The next opportunity for progress came at the Fifth BWC Review Conference, which convened in Geneva from November 19 to December 7, 2001, at a time when anthrax-tainted letters were terrorizing the United States. The meeting was the fifth in a series of BWC review conferences, which are held at five-year intervals to assess the implementation of the Convention and to devise measures for strengthening it. In attendance were 91 of the 144 states parties to the BWC. Many of the member-states had hoped that the Fifth Review Conference would approve a formal mechanism for checking compliance with the BWC, but that was not the case.

Given the collapse of the Ad Hoc Group negotiations, a key objective of the Fifth Review Conference was to develop alternative strategies for strengthening the BWC. At the outset of the conference, the head of the U.S. delegation, Undersecretary of State for Arms Control and International Security John Bolton, accused six states of violating the BWC: Iran, Iraq, Libya, and North Korea (all parties to the Convention); Syria (which has signed but not ratified); and Sudan (which has neither signed nor ratified). Bolton insisted that the Conference's Final Declaration refer to the problem of noncompliance, but several countries, led by Iran, objected to the U.S.-proposed language.

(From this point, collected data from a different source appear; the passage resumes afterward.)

(* Consider a balanced mass action chemical reaction network with complex stoichiometric matrix $Z$ and complex-graph incidence matrix $B$, and let $x^*\in\mathbb{R}^m_+$ be a thermodynamic equilibrium. Assume the complex graph is connected. Then for any other thermodynamic equilibrium $x^{**}$ there exists a constant $d^{**}>0$ such that $\mathcal{K}(x^{**})=d^{**}\mathcal{K}(x^* )$ and $\mathrm{Exp}\big(Z^T\mathrm{Ln}(\tfrac{x}{x^{**}})\big)=\tfrac{1}{d^{**}}\mathrm{Exp}\big(Z^T\mathrm{Ln}(\tfrac{x}{x^{*}})\big)$ for all $x\in\mathbb{R}^m_+$. Furthermore, if the complex graph is not connected and has $\ell$ connected components (linkage classes), then for any other thermodynamic equilibrium $x^{**}$ there exist constants $d_p^{**}>0$, $p=1,\dots,\ell$, such that $\mathcal{K}_p(x^{**})=d_p^{**}\mathcal{K}_p(x^* )$ for $p=1,\dots,\ell$.
   Context: Network: $m$ species with concentrations $x\in\mathbb{R}^m_+$, $c$ complexes, $r$ reactions. $Z$ ($m\times c$) has as $\rho$-th column the species composition of complex $\rho$. The complex graph has the complexes as vertices and, for each reaction $j$, an edge from its substrate complex $\mathcal{S}_j$ to its product complex $\mathcal{P}_j$; $B$ is its $c\times r$ incidence matrix ($-1$ at tail, $+1$ at head). Connectivity is in the undirected sense; the connected components are called linkage classes. Mass action rates: $v_j(x)=k_j^{\mathrm{forw}}\exp(Z_{\mathcal{S}_j}^T\mathrm{Ln}(x))-k_j^{\mathrm{rev}}\exp(Z_{\mathcal{P}_j}^T\mathrm{Ln}(x))$ with $k_j^{\mathrm{forw}},k_j^{\mathrm{rev}}\ge0$ not both zero, and dynamics $\dot x=ZBv(x)$. A thermodynamic equilibrium is $x^*\in\mathbb{R}^m_+$ with $v(x^* )=0$; the network is balanced if one exists. For a thermodynamic equilibrium $x^*$, the balanced reaction constants are $\kappa_j(x^* ):=k_j^{\mathrm{forw}}\exp(Z_{\mathcal{S}_j}^T\mathrm{Ln}(x^* ))=k_j^{\mathrm{rev}}\exp(Z_{\mathcal{P}_j}^T\mathrm{Ln}(x^* ))>0$ and $\mathcal{K}(x^* ):=\mathrm{diag}(\kappa_1(x^* ),\dots,\kappa_r(x^* ))$. When reactions are grouped by linkage class, $\mathcal{K}_p(x^* )$ denotes the diagonal block of $\mathcal{K}(x^* )$ belonging to the reactions of the $p$-th linkage class. $\mathrm{Ln},\mathrm{Exp}$ are componentwise logarithm/exponential and $x/x^*$ is the componentwise quotient. *)

From HB Require Import structures.
From mathcomp Require Import all_boot all_order all_algebra.
From mathcomp Require Import all_classical all_reals all_analysis.
Set Implicit Arguments. Unset Strict Implicit. Unset Printing Implicit Defensive.
Import Order.TTheory GRing.Theory Num.Theory.
Local Open Scope ring_scope.

Section CRN.
Variable R : realType.

Definition Zmx (m c : nat) (Z : 'M[nat]_(m, c)) : 'M[R]_(m, c) :=
  map_mx (fun n : nat => n%:R) Z.

Definition Ln (n : nat) (x : 'cV[R]_n) : 'cV[R]_n := map_mx (@ln R) x.
Definition Exp (n : nat) (x : 'cV[R]_n) : 'cV[R]_n := map_mx (@expR R) x.
Definition vdiv (n : nat) (x y : 'cV[R]_n) : 'cV[R]_n := \col_i (x i 0 / y i 0).

Definition posv (n : nat) (x : 'cV[R]_n) : Prop := forall i, 0 < x i 0.

Definition ZtLn (m c : nat) (Z : 'M[nat]_(m, c)) (x : 'cV[R]_m) : 'cV[R]_c :=
  (Zmx Z)^T *m Ln x.

(* mass action rate of reaction j; S j / P j are substrate / product complexes *)
Definition rate (m c r : nat) (Z : 'M[nat]_(m, c)) (S P : 'I_r -> 'I_c)
  (kf kr : 'I_r -> R) (j : 'I_r) (x : 'cV[R]_m) : R :=
  kf j * expR (ZtLn Z x (S j) 0) - kr j * expR (ZtLn Z x (P j) 0).

Definition thermo_eq (m c r : nat) (Z : 'M[nat]_(m, c)) (S P : 'I_r -> 'I_c)
  (kf kr : 'I_r -> R) (x : 'cV[R]_m) : Prop :=
  posv x /\ forall j, rate Z S P kf kr j x = 0.

Definition kappa (m c r : nat) (Z : 'M[nat]_(m, c)) (S : 'I_r -> 'I_c)
  (kf : 'I_r -> R) (x : 'cV[R]_m) (j : 'I_r) : R :=
  kf j * expR (ZtLn Z x (S j) 0).

Definition Kmx (m c r : nat) (Z : 'M[nat]_(m, c)) (S : 'I_r -> 'I_c)
  (kf : 'I_r -> R) (x : 'cV[R]_m) : 'M[R]_r :=
  diag_mx (\row_j kappa Z S kf x j).

End CRN.

Definition cgraph (c r : nat) (S P : 'I_r -> 'I_c) : rel 'I_c :=
  fun a b => [exists j, ((S j == a) && (P j == b)) || ((S j == b) && (P j == a))].

Definition cg_connected (c r : nat) (S P : 'I_r -> 'I_c) : Prop :=
  forall a b : 'I_c, connect (cgraph S P) a b.

Definition same_linkage (c r : nat) (S P : 'I_r -> 'I_c) (a b : 'I_c) : Prop :=
  connect (cgraph S P) a b.

From HB Require Import structures.
From mathcomp Require Import all_boot all_order all_algebra.
From mathcomp Require Import all_classical all_reals all_analysis.
Set Implicit Arguments. Unset Strict Implicit.
Import Order.TTheory GRing.Theory Num.Theory.
Local Open Scope ring_scope.

(* At a thermodynamic equilibrium x every reaction j is balanced,
   kf_j exp((Z^T Ln x)_{S j}) = kr_j exp((Z^T Ln x)_{P j}).  Dividing these
   identities for two equilibria x* and x** cancels the rate constants, so the
   ratio exp((Z^T Ln x** )_a - (Z^T Ln x* )_a) takes the same value at both ends
   of every edge, hence is constant on each linkage class.  This ratio, taken
   at a = S j, is exactly kappa_j(x** ) / kappa_j(x* ); on a connected graph it
   is one constant d, and then Z^T Ln(x/x** ) = Z^T Ln(x/x* ) - ln d. *)

Lemma connect_eq_fun (T : finType) (U : Type) (e : rel T) (f : T -> U) :
  (forall x y, e x y -> f x = f y) -> forall x y, connect e x y -> f x = f y.
Proof.
move=> fe x y /connectP [p + ->]; elim: p x => [// | z p IHp] x /= /andP [exz pz].
by rewrite (fe _ _ exz); apply: IHp.
Qed.

Section Equilibria.
Variables (R : realType) (m c r : nat) (Z : 'M[nat]_(m, c)).
Variables (S P : 'I_r -> 'I_c) (kf kr : 'I_r -> R).

Lemma ZtLn_vdiv (x y : 'cV[R]_m) : posv x -> posv y ->
  forall a, ZtLn Z (vdiv x y) a 0 = ZtLn Z x a 0 - ZtLn Z y a 0.
Proof.
move=> x_gt0 y_gt0 a; rewrite /ZtLn !mxE -sumrB; apply: eq_bigr => i _.
rewrite /Ln !mxE lnM ?posrE ?invr_gt0 // lnV ?posrE //.
by rewrite mulrDr mulrN.
Qed.

Lemma thermo_eq_balanced (x : 'cV[R]_m) j : thermo_eq Z S P kf kr x ->
  kf j * expR (ZtLn Z x (S j) 0) = kr j * expR (ZtLn Z x (P j) 0).
Proof. by case=> _ /(_ j) /eqP; rewrite subr_eq0 => /eqP. Qed.

Lemma thermo_eq_rate_neq0 (x : 'cV[R]_m) j :
  (kf j != 0 \/ kr j != 0) -> thermo_eq Z S P kf kr x -> kf j != 0 /\ kr j != 0.
Proof.
move=> kj_neq0 /(thermo_eq_balanced j) bal.
have expR_neq0 a : expR (ZtLn Z x a 0) != 0 by rewrite gt_eqF ?expR_gt0.
have kf_neq0 : kf j != 0.
  case: kj_neq0 => // kr_neq0; apply: contraNneq (mulf_neq0 kr_neq0 (expR_neq0 (P j))).
  by move=> kf0; rewrite -bal kf0 mul0r.
split=> //; apply: contraNneq (mulf_neq0 kf_neq0 (expR_neq0 (S j))).
by move=> kr0; rewrite bal kr0 mul0r.
Qed.

Definition eq_ratio (xs xss : 'cV[R]_m) (a : 'I_c) : R :=
  expR (ZtLn Z xss a 0 - ZtLn Z xs a 0).

Lemma eq_ratio_gt0 xs xss a : 0 < eq_ratio xs xss a.
Proof. exact: expR_gt0. Qed.

Lemma kappa_eq_ratio xs xss j :
  kappa Z S kf xss j = eq_ratio xs xss (S j) * kappa Z S kf xs j.
Proof. by rewrite /kappa /eq_ratio mulrCA -expRD subrK. Qed.

Lemma Exp_ZtLn_vdiv (x xs xss : 'cV[R]_m) : posv x -> posv xs -> posv xss ->
  forall a, Exp (ZtLn Z (vdiv x xss)) a 0 =
            (eq_ratio xs xss a)^-1 * Exp (ZtLn Z (vdiv x xs)) a 0.
Proof.
move=> x_gt0 xs_gt0 xss_gt0 a.
rewrite /Exp [LHS]mxE [in RHS]mxE !ZtLn_vdiv // /eq_ratio -expRN -expRD; congr expR.
by rewrite opprB [RHS]addrC addrA subrK.
Qed.

Section TwoEquilibria.
Hypothesis hk : forall j, kf j != 0 \/ kr j != 0.
Variables xs xss : 'cV[R]_m.
Hypotheses (hxs : thermo_eq Z S P kf kr xs) (hxss : thermo_eq Z S P kf kr xss).

Lemma eq_ratio_edge j : eq_ratio xs xss (S j) = eq_ratio xs xss (P j).
Proof.
have [kf_neq0 kr_neq0] := thermo_eq_rate_neq0 (hk j) hxs.
have exp_S x : thermo_eq Z S P kf kr x ->
    expR (ZtLn Z x (S j) 0) = kr j / kf j * expR (ZtLn Z x (P j) 0).
  move=> /(thermo_eq_balanced j) bal.
  by rewrite -mulrA mulrCA -bal mulrA mulVf ?mul1r.
rewrite /eq_ratio !expRB (exp_S _ hxs) (exp_S _ hxss) invfM mulrACA mulfV ?mul1r //.
by rewrite mulf_neq0 ?invr_eq0.
Qed.

Lemma eq_ratio_linkage a b :
  same_linkage S P a b -> eq_ratio xs xss a = eq_ratio xs xss b.
Proof.
apply: connect_eq_fun => u v /existsP [j /orP [] /andP [/eqP <- /eqP <-]].
  exact: eq_ratio_edge.
by rewrite eq_ratio_edge.
Qed.

Lemma eq_ratio_connected : cg_connected S P ->
  exists2 d, 0 < d & forall a, eq_ratio xs xss a = d.
Proof.
move=> conn; case: (pickP (@predT 'I_c)) => [a0 _ | no_complex].
  by exists (eq_ratio xs xss a0) => [|a]; rewrite ?eq_ratio_gt0 ?(eq_ratio_linkage (conn a a0)).
by exists 1 => // a; have := no_complex a.
Qed.

End TwoEquilibria.
End Equilibria.

Theorem proposition3 (R : realType) (m c r : nat) (Z : 'M[nat]_(m, c))
  (S P : 'I_r -> 'I_c) (kf kr : 'I_r -> R)
  (hSP : forall j, S j != P j)
  (hkf : forall j, 0 <= kf j) (hkr : forall j, 0 <= kr j)
  (hk : forall j, kf j != 0 \/ kr j != 0)
  (xs : 'cV[R]_m) (hxs : thermo_eq Z S P kf kr xs) :
  (cg_connected S P ->
    forall xss : 'cV[R]_m, thermo_eq Z S P kf kr xss ->
      exists d : R, 0 < d /\
        Kmx Z S kf xss = d *: Kmx Z S kf xs /\
        (forall x : 'cV[R]_m, posv x ->
           Exp (ZtLn Z (vdiv x xss)) = d^-1 *: Exp (ZtLn Z (vdiv x xs)))) /\
  (~ cg_connected S P ->
    forall xss : 'cV[R]_m, thermo_eq Z S P kf kr xss ->
      exists d : 'I_r -> R,
        (forall j, 0 < d j) /\
        (forall j j', same_linkage S P (S j) (S j') -> d j = d j') /\
        (forall j, kappa Z S kf xss j = d j * kappa Z S kf xs j)).
Proof.
split=> [conn xss hxss | _ xss hxss].
  have [d d_gt0 ratio_d] := eq_ratio_connected hk hxs hxss conn.
  exists d; split=> //; split.
    apply/matrixP => i j; rewrite !mxE.
    by case: (i == j); rewrite /= ?mulr0 // (kappa_eq_ratio Z S kf xs) ratio_d.
  move=> x x_gt0; apply/matrixP => a b; rewrite (ord1 b) [RHS]mxE.
  by rewrite (Exp_ZtLn_vdiv Z x_gt0 hxs.1 hxss.1) ratio_d.
exists (fun j => eq_ratio Z xs xss (S j)); split=> [j|]; first exact: eq_ratio_gt0.
split=> [j j' |j]; last exact: kappa_eq_ratio.
exact: (eq_ratio_linkage hk hxs hxss).
Qed.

As an alternative to the BWC Protocol, which Bolton stated bluntly was "dead, and is not going to be resurrected," the United States offered a package of nine measures that could be implemented through national legislation. The U.S.-proposed measures include:

  • criminalizing the acquisition and possession of biological weapons;
  • restricting access to dangerous microbial pathogens and toxins;
  • supporting the World Health Organization's global system for disease surveillance and control;
  • establishing an ethical code of conduct for scientists working with dangerous pathogens;
  • contributing to an international team that would provide assistance in fighting outbreaks of infectious disease; and
  • strengthening an existing UN mechanism for conducting field investigations of alleged biological weapons use so that BWC member states would be required to accept investigations on their territory.

A number of the U.S.-proposed measures were included in the draft Final Declaration, although agreement was not reached on the creation of a strengthened UN field investigation mechanism. Other contentious issues included a proposal by the Non-Aligned Movement (NAM) countries to establish a committee to monitor trade and cooperation among BWC member-states, and a bid by the radical NAM states (Iran, China, India, and Pakistan) for a mechanism to overturn denials of requested technology transfers. Western countries strongly opposed both NAM proposals.

Another unresolved question during the Review Conference was how to move forward with a mechanism to monitor BWC compliance. The United States strongly opposed resuming the Ad Hoc Group negotiations, whereas the NAM countries insisted that discussion of measures to strengthen the BWC should continue in a multilateral forum. In an attempt to devise a compromise forumula, the European Union proposed annual meetings of BWC member-states and the creation of governmental "expert groups" that would assess the implementation of strengthening measures agreed by the Review Conference and consider new ones.

The EU proposal appeared to offer a workable compromise. Nevertheless, late in the afternoon on the last day of the conference, December 7, 2001, the United States said it would accept the EU formula only on the condition that the mandate of the Ad Hoc Group was "terminated." European diplomats responded angrily to the U.S. move. Because preservation of the Ad Hoc Group mandate (and hence the possibility of restarting the multilateral negotiations when the political climate improved) had long been a bottom line for many delegations, the last-minute U.S. proposal blocked the consensus needed to adopt the politically binding Final Declaration. In a desperate bid to prevent the BWC Review Conference from failing completely, chairman Tóth suspended the meeting for a year. The Review Conference will reconvene in Geneva on November 11-21, 2002.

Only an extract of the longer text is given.